Of the lines in the data below, write out exactly those from the one holding "c ln n >= lam" through the one holding "From mathcomp Require Import all_boot zify.", both included.

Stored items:
● ● ● ●
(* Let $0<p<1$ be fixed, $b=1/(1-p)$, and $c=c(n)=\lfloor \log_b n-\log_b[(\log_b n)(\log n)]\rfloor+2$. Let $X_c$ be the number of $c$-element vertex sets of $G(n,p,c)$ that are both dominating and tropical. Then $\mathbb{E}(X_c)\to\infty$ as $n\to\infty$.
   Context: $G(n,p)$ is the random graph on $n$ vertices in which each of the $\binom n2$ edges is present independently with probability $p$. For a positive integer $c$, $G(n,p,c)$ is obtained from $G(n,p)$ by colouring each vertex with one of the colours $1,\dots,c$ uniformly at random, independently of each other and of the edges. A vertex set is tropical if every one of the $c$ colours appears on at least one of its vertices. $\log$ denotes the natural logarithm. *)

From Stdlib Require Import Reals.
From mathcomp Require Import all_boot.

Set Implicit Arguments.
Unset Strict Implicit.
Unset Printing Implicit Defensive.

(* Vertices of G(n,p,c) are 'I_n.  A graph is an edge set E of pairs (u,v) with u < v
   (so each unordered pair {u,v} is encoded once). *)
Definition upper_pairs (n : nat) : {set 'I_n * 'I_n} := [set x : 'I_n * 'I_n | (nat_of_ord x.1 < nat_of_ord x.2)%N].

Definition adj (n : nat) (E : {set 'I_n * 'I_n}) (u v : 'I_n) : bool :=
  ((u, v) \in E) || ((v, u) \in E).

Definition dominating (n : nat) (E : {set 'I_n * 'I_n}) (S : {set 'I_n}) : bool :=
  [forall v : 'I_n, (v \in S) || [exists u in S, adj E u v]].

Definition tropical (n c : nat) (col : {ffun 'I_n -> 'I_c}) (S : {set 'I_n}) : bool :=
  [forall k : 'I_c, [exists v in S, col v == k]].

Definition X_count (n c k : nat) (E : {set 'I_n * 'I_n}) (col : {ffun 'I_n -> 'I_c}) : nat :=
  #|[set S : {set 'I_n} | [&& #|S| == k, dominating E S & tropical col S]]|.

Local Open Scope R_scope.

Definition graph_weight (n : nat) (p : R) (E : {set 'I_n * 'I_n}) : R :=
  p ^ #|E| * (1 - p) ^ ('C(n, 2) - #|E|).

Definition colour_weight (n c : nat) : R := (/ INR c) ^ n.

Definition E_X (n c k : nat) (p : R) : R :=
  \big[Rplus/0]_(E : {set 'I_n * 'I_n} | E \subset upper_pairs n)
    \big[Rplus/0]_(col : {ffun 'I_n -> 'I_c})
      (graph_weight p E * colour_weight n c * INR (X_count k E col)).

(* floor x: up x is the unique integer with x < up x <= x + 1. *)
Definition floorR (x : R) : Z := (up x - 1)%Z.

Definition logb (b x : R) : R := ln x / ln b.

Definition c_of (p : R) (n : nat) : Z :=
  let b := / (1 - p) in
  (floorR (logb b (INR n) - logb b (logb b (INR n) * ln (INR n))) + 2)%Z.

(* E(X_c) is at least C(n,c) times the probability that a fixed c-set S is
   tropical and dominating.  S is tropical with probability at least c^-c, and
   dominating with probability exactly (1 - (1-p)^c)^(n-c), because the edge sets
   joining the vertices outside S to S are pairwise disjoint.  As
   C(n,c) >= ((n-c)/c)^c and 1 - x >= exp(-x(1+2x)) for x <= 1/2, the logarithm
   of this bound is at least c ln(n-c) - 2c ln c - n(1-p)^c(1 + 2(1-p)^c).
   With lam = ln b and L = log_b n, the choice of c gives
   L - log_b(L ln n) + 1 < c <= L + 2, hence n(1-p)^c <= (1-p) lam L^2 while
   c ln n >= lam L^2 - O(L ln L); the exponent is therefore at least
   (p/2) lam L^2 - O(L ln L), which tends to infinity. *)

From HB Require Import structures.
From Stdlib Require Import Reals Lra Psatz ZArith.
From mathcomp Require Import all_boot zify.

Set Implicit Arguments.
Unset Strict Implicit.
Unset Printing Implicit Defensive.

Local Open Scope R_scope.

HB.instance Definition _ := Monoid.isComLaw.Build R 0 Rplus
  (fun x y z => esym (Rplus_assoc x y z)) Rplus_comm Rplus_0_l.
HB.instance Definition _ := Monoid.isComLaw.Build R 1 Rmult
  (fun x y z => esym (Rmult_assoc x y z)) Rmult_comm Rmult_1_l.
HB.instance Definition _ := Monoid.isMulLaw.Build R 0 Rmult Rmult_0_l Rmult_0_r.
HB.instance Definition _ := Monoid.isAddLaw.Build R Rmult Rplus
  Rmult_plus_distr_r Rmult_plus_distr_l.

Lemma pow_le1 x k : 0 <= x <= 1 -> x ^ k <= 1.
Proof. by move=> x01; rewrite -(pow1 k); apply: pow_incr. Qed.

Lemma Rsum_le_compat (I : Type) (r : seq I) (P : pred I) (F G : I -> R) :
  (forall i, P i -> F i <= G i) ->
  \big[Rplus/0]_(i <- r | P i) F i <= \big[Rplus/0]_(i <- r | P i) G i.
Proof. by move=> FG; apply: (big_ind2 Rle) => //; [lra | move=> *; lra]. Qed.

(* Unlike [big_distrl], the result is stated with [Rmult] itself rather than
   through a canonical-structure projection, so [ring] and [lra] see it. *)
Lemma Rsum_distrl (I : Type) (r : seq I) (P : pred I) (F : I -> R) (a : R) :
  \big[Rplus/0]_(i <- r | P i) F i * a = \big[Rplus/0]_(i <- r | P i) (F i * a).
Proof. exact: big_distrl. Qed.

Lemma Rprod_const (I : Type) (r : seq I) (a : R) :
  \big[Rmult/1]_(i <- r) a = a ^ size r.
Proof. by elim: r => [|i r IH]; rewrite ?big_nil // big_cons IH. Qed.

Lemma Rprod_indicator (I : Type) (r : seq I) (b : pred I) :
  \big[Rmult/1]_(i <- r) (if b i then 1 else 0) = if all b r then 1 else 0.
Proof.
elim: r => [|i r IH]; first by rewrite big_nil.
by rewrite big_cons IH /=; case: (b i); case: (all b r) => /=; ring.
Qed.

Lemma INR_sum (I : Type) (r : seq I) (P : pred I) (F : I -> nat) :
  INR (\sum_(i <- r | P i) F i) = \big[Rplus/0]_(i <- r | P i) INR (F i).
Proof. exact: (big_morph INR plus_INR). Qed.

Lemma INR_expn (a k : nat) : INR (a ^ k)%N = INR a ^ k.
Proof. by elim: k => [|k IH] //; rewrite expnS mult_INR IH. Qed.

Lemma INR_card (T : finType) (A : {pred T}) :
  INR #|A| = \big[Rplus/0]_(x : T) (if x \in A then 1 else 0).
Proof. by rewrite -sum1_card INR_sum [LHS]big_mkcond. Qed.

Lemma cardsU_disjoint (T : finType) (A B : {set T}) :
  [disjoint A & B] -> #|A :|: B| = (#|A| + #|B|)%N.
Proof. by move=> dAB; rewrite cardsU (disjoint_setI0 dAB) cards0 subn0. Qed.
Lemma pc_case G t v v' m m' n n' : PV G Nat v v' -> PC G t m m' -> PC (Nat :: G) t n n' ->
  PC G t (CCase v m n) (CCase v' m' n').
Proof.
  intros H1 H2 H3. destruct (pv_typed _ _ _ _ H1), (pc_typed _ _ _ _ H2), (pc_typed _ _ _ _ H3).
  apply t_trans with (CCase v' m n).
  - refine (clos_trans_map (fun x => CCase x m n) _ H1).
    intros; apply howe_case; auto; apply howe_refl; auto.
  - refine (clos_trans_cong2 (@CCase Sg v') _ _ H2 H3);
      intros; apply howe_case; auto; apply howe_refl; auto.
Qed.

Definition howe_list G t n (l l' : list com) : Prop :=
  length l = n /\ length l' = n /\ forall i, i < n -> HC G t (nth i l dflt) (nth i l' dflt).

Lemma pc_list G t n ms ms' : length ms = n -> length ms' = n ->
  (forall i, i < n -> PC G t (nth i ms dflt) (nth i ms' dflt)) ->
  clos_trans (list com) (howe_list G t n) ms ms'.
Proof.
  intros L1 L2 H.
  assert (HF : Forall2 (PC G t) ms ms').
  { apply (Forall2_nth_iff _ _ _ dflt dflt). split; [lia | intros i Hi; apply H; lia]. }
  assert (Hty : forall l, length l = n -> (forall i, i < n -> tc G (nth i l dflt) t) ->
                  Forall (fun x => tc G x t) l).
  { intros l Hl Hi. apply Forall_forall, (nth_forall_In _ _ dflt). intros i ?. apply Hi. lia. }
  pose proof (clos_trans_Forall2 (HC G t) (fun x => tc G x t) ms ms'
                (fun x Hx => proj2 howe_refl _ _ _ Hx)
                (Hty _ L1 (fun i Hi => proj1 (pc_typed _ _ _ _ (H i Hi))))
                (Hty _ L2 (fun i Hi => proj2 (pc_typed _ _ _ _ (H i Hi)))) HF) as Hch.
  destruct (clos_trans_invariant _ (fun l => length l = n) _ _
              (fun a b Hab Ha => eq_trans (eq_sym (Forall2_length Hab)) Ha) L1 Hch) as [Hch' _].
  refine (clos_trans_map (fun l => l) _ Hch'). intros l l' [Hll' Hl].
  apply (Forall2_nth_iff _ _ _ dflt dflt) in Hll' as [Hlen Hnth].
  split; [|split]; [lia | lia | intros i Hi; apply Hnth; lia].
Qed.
● ● ● ●
Answer to the exercise:
   c ln n >= lam L^2 - O(L ln L); the exponent is therefore at least
   (p/2) lam L^2 - O(L ln L), which tends to infinity. *)

From HB Require Import structures.
From Stdlib Require Import Reals Lra Psatz ZArith.
From mathcomp Require Import all_boot zify.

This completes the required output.